Directions.
Copy out every line of the data where the word "Hnear" is found.

Data extract.
[Start of section]

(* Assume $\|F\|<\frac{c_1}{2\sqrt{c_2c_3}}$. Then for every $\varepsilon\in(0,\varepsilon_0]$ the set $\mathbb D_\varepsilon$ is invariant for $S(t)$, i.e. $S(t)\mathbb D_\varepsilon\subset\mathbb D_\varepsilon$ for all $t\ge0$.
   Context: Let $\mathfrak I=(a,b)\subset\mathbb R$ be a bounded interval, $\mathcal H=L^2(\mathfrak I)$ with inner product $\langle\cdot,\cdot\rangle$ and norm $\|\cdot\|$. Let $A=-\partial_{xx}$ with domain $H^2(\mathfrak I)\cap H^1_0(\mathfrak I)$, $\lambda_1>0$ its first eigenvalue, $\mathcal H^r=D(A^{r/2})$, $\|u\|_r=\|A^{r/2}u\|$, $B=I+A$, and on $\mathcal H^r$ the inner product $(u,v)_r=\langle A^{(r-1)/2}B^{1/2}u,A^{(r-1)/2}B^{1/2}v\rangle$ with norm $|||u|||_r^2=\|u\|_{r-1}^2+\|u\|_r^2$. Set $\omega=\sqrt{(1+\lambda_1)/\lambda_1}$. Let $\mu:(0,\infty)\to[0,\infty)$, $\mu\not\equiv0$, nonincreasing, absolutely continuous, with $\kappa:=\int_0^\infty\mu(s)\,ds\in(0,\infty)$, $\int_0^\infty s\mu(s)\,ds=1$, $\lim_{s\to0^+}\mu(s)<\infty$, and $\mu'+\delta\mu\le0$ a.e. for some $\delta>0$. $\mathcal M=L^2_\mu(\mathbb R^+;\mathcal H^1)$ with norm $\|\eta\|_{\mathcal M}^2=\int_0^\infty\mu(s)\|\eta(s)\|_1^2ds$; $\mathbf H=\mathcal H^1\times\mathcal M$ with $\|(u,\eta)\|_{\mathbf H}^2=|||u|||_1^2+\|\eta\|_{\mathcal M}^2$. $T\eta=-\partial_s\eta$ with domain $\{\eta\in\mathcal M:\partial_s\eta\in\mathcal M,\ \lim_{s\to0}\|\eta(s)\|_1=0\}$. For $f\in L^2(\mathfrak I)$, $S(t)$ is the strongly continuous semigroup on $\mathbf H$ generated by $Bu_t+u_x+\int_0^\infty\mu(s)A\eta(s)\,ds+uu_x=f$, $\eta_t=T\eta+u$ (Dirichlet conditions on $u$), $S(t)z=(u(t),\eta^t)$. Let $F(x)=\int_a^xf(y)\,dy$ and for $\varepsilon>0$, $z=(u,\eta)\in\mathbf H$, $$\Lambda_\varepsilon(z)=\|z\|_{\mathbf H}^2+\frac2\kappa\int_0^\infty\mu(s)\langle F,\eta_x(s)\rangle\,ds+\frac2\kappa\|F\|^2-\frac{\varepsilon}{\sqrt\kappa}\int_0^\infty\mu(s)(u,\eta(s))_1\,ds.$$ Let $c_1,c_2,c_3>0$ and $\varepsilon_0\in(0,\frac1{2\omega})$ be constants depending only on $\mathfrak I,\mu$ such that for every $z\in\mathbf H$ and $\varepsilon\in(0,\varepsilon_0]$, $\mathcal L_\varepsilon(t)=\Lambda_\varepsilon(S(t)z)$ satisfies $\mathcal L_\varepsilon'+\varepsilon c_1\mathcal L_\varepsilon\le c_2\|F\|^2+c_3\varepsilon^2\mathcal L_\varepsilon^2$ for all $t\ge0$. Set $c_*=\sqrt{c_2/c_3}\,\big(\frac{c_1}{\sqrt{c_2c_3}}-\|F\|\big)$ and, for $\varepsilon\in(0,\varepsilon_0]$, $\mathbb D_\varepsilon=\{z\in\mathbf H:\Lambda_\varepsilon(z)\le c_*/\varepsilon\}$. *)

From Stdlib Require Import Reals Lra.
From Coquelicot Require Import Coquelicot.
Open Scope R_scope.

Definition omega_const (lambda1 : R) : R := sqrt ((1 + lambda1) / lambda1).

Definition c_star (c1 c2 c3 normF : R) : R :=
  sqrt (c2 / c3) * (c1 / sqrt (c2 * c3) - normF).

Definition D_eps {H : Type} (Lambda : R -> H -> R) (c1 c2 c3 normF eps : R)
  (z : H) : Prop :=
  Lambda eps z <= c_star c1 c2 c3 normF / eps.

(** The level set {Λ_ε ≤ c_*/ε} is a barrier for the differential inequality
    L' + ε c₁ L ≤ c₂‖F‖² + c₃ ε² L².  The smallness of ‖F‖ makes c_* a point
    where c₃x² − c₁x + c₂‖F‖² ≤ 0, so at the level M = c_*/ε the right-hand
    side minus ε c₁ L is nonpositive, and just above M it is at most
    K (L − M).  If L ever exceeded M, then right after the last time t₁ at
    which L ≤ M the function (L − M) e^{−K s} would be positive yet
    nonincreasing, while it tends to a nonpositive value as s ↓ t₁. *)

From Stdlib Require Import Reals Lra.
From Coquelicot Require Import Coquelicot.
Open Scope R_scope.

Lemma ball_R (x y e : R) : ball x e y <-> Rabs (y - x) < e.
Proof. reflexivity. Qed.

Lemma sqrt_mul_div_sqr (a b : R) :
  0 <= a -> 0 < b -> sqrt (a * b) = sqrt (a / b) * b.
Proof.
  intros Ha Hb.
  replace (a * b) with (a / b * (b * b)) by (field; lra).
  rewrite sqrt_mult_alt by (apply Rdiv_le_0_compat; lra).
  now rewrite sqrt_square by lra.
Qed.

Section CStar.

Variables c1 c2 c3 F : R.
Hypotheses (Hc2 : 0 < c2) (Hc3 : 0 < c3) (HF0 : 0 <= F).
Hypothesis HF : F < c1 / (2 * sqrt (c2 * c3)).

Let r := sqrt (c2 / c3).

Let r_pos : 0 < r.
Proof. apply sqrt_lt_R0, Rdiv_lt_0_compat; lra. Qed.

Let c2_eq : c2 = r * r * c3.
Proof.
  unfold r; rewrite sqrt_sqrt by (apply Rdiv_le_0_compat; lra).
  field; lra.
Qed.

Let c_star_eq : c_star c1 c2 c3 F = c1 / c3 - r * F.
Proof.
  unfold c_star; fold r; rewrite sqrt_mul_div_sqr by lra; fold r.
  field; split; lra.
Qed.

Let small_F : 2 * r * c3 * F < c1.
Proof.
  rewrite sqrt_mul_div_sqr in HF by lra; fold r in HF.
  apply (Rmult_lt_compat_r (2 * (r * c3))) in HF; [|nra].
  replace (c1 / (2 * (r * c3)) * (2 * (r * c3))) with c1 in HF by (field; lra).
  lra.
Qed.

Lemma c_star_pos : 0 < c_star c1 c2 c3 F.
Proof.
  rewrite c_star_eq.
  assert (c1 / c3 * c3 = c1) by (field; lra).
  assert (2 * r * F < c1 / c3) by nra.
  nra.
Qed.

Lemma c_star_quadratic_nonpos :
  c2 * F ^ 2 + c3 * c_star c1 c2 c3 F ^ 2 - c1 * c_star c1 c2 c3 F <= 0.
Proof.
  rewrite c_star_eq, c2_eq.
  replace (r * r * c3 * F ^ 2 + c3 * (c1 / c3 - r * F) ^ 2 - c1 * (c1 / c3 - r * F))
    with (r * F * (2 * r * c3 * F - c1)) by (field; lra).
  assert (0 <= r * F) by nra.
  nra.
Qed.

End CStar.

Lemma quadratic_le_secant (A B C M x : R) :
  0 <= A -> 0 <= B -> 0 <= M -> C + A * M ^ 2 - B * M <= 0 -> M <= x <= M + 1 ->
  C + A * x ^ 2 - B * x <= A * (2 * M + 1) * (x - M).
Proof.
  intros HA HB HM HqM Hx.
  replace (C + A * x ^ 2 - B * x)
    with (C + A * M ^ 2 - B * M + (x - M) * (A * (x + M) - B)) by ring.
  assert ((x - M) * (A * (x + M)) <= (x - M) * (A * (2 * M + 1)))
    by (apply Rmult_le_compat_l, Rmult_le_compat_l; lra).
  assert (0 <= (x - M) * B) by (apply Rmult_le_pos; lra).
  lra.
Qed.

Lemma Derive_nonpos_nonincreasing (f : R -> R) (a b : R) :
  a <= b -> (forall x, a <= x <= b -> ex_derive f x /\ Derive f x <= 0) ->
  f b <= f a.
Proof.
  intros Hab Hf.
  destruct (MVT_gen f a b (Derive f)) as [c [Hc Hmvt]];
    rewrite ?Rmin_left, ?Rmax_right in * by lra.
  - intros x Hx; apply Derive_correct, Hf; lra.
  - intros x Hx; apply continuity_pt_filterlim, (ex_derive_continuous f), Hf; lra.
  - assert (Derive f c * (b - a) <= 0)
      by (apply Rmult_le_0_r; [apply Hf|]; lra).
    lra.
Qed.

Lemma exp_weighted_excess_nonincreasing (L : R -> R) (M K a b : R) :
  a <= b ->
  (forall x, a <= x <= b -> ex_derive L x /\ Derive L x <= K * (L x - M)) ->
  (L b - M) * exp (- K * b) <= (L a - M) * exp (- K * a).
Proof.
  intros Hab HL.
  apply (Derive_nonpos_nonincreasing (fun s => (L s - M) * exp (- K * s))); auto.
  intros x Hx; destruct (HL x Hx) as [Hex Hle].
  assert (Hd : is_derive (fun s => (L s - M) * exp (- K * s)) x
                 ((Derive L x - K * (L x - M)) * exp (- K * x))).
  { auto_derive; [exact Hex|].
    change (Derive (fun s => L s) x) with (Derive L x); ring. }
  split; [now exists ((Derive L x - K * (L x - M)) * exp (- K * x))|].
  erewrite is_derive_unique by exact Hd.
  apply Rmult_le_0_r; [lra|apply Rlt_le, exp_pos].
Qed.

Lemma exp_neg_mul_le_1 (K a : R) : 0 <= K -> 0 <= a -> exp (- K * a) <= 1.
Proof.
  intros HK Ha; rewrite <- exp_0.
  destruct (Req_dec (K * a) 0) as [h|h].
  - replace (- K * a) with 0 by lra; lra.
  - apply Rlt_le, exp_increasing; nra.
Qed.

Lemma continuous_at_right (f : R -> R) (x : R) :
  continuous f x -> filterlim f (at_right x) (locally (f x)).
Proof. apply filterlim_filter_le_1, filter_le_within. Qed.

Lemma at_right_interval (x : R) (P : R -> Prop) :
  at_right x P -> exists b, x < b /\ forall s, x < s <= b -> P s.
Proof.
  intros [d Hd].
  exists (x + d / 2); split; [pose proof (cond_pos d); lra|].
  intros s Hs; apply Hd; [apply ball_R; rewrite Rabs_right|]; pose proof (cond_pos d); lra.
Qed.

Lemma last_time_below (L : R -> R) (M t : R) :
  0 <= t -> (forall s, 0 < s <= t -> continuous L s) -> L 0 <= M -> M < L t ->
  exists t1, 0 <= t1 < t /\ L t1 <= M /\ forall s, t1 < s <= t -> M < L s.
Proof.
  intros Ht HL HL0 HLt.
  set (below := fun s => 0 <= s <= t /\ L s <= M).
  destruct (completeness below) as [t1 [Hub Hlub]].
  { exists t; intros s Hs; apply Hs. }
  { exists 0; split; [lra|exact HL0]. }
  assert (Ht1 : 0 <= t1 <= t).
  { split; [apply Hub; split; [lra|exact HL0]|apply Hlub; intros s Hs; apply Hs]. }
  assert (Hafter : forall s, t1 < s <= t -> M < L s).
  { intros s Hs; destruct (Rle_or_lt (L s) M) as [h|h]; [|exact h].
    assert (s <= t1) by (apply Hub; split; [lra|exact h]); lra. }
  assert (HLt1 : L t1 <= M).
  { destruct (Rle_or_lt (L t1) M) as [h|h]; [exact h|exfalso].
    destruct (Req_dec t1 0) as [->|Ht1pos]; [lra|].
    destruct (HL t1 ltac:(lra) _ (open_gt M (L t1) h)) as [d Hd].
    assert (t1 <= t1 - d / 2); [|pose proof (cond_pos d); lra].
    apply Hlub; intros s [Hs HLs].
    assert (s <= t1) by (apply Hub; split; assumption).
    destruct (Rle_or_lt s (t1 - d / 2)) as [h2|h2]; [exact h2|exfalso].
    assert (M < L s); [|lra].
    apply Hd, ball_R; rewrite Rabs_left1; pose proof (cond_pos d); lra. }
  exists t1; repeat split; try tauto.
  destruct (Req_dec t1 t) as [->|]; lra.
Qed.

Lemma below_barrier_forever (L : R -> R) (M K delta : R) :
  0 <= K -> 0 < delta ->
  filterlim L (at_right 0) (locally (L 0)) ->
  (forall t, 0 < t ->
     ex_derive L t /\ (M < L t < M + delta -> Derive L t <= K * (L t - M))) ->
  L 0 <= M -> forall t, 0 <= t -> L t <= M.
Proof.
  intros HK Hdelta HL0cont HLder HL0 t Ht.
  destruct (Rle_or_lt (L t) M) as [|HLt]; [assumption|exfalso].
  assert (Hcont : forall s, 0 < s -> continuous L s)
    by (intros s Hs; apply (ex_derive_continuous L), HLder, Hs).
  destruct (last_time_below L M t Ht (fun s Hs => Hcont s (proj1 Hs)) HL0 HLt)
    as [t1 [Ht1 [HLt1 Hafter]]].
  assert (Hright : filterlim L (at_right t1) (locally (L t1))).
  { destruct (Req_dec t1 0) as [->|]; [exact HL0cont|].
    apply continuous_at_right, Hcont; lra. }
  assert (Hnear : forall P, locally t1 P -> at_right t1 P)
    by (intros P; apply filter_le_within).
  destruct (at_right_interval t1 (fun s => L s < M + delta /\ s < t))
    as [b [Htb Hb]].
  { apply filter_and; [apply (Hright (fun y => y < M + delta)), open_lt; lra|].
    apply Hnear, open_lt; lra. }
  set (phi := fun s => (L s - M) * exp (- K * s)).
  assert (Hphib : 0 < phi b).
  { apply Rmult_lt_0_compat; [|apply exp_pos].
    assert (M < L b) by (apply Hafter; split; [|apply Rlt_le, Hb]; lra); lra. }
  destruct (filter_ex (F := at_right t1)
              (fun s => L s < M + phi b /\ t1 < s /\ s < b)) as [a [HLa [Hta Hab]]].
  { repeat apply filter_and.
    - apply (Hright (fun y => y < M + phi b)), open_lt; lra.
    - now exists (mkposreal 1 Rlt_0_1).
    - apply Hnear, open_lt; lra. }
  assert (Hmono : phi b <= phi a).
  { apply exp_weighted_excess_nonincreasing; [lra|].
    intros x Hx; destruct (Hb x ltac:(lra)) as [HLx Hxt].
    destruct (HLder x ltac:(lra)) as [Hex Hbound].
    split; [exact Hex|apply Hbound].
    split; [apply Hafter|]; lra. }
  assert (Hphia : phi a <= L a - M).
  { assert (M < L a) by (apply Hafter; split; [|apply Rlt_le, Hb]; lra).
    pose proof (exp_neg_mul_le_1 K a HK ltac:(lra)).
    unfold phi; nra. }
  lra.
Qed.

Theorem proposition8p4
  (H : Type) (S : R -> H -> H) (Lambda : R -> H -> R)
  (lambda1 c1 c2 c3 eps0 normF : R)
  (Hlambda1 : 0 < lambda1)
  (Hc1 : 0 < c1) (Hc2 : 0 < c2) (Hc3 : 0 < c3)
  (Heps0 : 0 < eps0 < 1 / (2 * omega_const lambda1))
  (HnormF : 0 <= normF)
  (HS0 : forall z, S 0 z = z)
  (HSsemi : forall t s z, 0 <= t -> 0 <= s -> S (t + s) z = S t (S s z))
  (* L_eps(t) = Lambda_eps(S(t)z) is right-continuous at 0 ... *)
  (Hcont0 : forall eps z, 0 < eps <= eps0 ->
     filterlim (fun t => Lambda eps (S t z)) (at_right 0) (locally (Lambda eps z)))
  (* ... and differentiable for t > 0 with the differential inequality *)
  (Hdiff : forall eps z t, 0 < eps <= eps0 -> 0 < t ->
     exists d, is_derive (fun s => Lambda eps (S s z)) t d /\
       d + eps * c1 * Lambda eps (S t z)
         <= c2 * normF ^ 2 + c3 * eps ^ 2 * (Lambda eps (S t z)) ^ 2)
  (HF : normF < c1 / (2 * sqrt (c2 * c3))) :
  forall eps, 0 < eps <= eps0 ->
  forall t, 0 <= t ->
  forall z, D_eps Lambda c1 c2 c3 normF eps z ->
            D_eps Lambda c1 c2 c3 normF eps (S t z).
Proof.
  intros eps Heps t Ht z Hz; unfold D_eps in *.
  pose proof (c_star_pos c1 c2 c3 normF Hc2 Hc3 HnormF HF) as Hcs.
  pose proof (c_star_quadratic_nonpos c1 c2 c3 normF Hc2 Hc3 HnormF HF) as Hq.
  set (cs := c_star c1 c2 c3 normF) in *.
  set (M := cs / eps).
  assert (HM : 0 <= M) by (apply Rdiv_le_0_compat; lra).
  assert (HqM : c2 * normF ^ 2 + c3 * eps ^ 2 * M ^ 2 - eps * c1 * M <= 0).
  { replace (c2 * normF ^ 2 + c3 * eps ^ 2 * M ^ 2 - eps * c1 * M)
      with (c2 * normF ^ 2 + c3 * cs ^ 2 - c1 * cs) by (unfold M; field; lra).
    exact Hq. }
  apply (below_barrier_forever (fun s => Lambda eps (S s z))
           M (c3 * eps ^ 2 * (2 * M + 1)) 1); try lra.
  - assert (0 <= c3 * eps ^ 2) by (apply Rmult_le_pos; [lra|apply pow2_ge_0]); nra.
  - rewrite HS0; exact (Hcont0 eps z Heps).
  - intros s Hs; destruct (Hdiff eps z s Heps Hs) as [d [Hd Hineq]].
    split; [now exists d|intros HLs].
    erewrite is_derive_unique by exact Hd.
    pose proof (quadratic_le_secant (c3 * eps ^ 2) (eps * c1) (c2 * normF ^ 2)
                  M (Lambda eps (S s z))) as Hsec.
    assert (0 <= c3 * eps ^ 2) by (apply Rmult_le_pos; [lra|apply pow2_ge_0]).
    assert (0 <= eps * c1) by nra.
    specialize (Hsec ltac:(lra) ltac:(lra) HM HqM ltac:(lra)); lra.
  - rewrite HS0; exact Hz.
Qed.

[End of section]

Solved problem.
  assert (Hnear : forall P, locally t1 P -> at_right t1 P)
    apply Hnear, open_lt; lra. }
    - apply Hnear, open_lt; lra. }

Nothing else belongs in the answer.